Achievements and titles
- Personal bests: –109 kg: Snatch: 199 kg (2019); Clean and jerk: 240 kg (2018); Total: 435 kg (2018, CWR); +109 kg: Snatch: 200 kg (2023); Clean and jerk: 250 kg (2023); Total: 450 kg (2023);

Medal record
Men's weightlifting
Representing Armenia
Olympic Games
| Silver medal – second place | 2016 Rio de Janeiro | 105 kg |
| Silver medal – second place | 2020 Tokyo | 109 kg |
World Championships
| Gold medal – first place | 2018 Ashgabat | 109 kg |
| Gold medal – first place | 2019 Pattaya | 109 kg |
| Bronze medal – third place | 2021 Tashkent | 109 kg |
European Championships
| Gold medal – first place | 2017 Split | 105 kg |
| Gold medal – first place | 2019 Batumi | 109 kg |
| Silver medal – second place | 2024 Sofia | +109 kg |
| Silver medal – second place | 2025 Chișinău | 109 kg |
| Bronze medal – third place | 2016 Førde | 105 kg |
| Bronze medal – third place | 2023 Yerevan | +109 kg |
Youth Olympic Games
| Gold medal – first place | 2014 Nanjing | +85 kg |

= Simon Martirosyan =

Armenian weightlifter (born 1997)

Simon Martirosyan (Սիմոն Մարտիրոսյան; born 17 February 1997) is an Armenian weightlifter, Olympian, two-time world champion, and two-time European champion competing in the 105 kg category until 2018 and 109 kg starting in 2018 after the International Weightlifting Federation reorganized the categories.

==Career==
He held the youth world record for the snatch, the clean and jerk and total in the +94 kg division before weight classes were changed in 2018 nullifying earlier records. He is currently the world record holder in the Total for the −109 kg division.

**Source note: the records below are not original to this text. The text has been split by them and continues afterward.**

(* Let $G$ be a second countable, locally compact, Hausdorff groupoid with a Haar system, let $q\colon G^{(0)}\to G\backslash G^{(0)}$ be the orbit map, and define $G^{(0)}_{\le n}=\{u:|[u]|\le n\}$, $G^{(0)}_{\ge n}=\{u:|[u]|\ge n\}$, $G^{(0)}_n=\{u:|[u]|=n\}$. Then: (a) for $n\ge0$, $G^{(0)}_{\le n}$ is a closed invariant subset of $G^{(0)}$; (b) for $n\ge0$, $G^{(0)}_{\ge n}$ is an open invariant subset of $G^{(0)}$; (c) for $n\ge1$, $G^{(0)}_n$ is invariant and locally closed, hence locally compact; (d) for $n\ge1$, $q(G^{(0)}_n)$ is locally closed in $G\backslash G^{(0)}$ and is Hausdorff in the relative topology.
   Context: $G$ acts on $G^{(0)}$ by $\gamma\cdot s(\gamma)=r(\gamma)$; $[u]=r(s^{-1}(u))$ is the orbit of $u$ and $|[u]|$ its cardinality. $G\backslash G^{(0)}$ is the orbit space with the quotient topology. A subset $F$ is invariant if $F=r(s^{-1}(F))$. *)

From HB Require Import structures.
From mathcomp Require Import all_boot all_order all_algebra.
From mathcomp Require Import all_classical all_reals all_analysis.
Set Implicit Arguments. Unset Strict Implicit. Unset Printing Implicit Defensive.
Import Order.TTheory GRing.Theory Num.Theory.
Import numFieldNormedType.Exports.
Local Open Scope classical_set_scope.
Local Open Scope ring_scope.
Local Open Scope card_scope.

Section Groupoids.
Variable G : ptopologicalType.

(* The groupoid is the type G; its unit space G^(0) is the subset G0 of G;   *)
(* r, s are range and source; mul x y is the product xy, meaningful when     *)
(* s x = r y (outside composable pairs its value is irrelevant); inv is the  *)
(* inverse.                                                                  *)
Definition composable (s r : G -> G) : set (G * G) :=
  [set p | s p.1 = r p.2].

Definition is_groupoid (G0 : set G) (r s : G -> G) (mul : G -> G -> G)
    (inv : G -> G) : Prop :=
  [/\ (forall x, G0 (r x) /\ G0 (s x)),
      (forall u, G0 u -> r u = u /\ s u = u),
      (forall x y, s x = r y -> r (mul x y) = r x /\ s (mul x y) = s y),
      (forall x y z, s x = r y -> s y = r z ->
          mul (mul x y) z = mul x (mul y z)) &
      ((forall x, mul (r x) x = x /\ mul x (s x) = x) /\
      (forall x, [/\ r (inv x) = s x, s (inv x) = r x,
                   mul x (inv x) = r x & mul (inv x) x = s x]))].

Definition is_topological_groupoid (G0 : set G) (r s : G -> G)
    (mul : G -> G -> G) (inv : G -> G) : Prop :=
  [/\ is_groupoid G0 r s mul inv,
      {within composable s r, continuous (fun p : G * G => mul p.1 p.2)} &
      continuous inv].

Definition locally_compact_space : Prop :=
  forall x : G, exists K : set G, compact K /\ nbhs x K.

Definition rel_open (Y A : set G) : Prop :=
  A `<=` Y /\ exists O : set G, open O /\ A = O `&` Y.
Definition rel_closed (Y A : set G) : Prop :=
  A `<=` Y /\ exists C : set G, closed C /\ A = C `&` Y.
Definition rel_locally_closed (Y A : set G) : Prop :=
  exists O C : set G, rel_open Y O /\ rel_closed Y C /\ A = O `&` C.

Definition rel_locally_compact (A : set G) : Prop :=
  forall u, A u -> exists K : set G,
    [/\ compact K, K `<=` A &
        exists W : set G, [/\ open W, W u & W `&` A `<=` K]].

Definition g_orbit (r s : G -> G) (u : G) : set G := r @` (s @^-1` [set u]).

Definition g_invariant (r s : G -> G) (F : set G) : Prop :=
  F = r @` (s @^-1` F).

In 2014 Martirosyan competed at the 2014 Summer Youth Olympics winning a gold medal in the +85 kg category.

===Olympics===
He competed for Armenia in the 2016 Summer Olympics, where he won the silver medal in the men's 105 kg competition.

===World Championships===
In 2018 the International Weightlifting Federation reorganized the categories nullifying earlier records, and coming into the competition it was suspected to be a close race between Ruslan Nurudinov (gold medalist at the 2016 Summer Olympics), and Yang Zhe (4th place at the 2016 Summer Olympics). After the snatch portion of the competition, Ruslan Nurudinov was out of the running for a total (as he did not complete a lift), and Yang Zhe was leading Martirosyan by 1 kg. In the clean & jerk portion of the competition, Martirosyan was the last lifter to begin lifting, and with his first lift of 230 kg he was in first place. After Nurudinov was unable to complete his next lift of 238 kg, Martirosyan attempted and made a 240 kg clean & jerk, setting new world records in the clean & jerk and total, and winning the gold medal.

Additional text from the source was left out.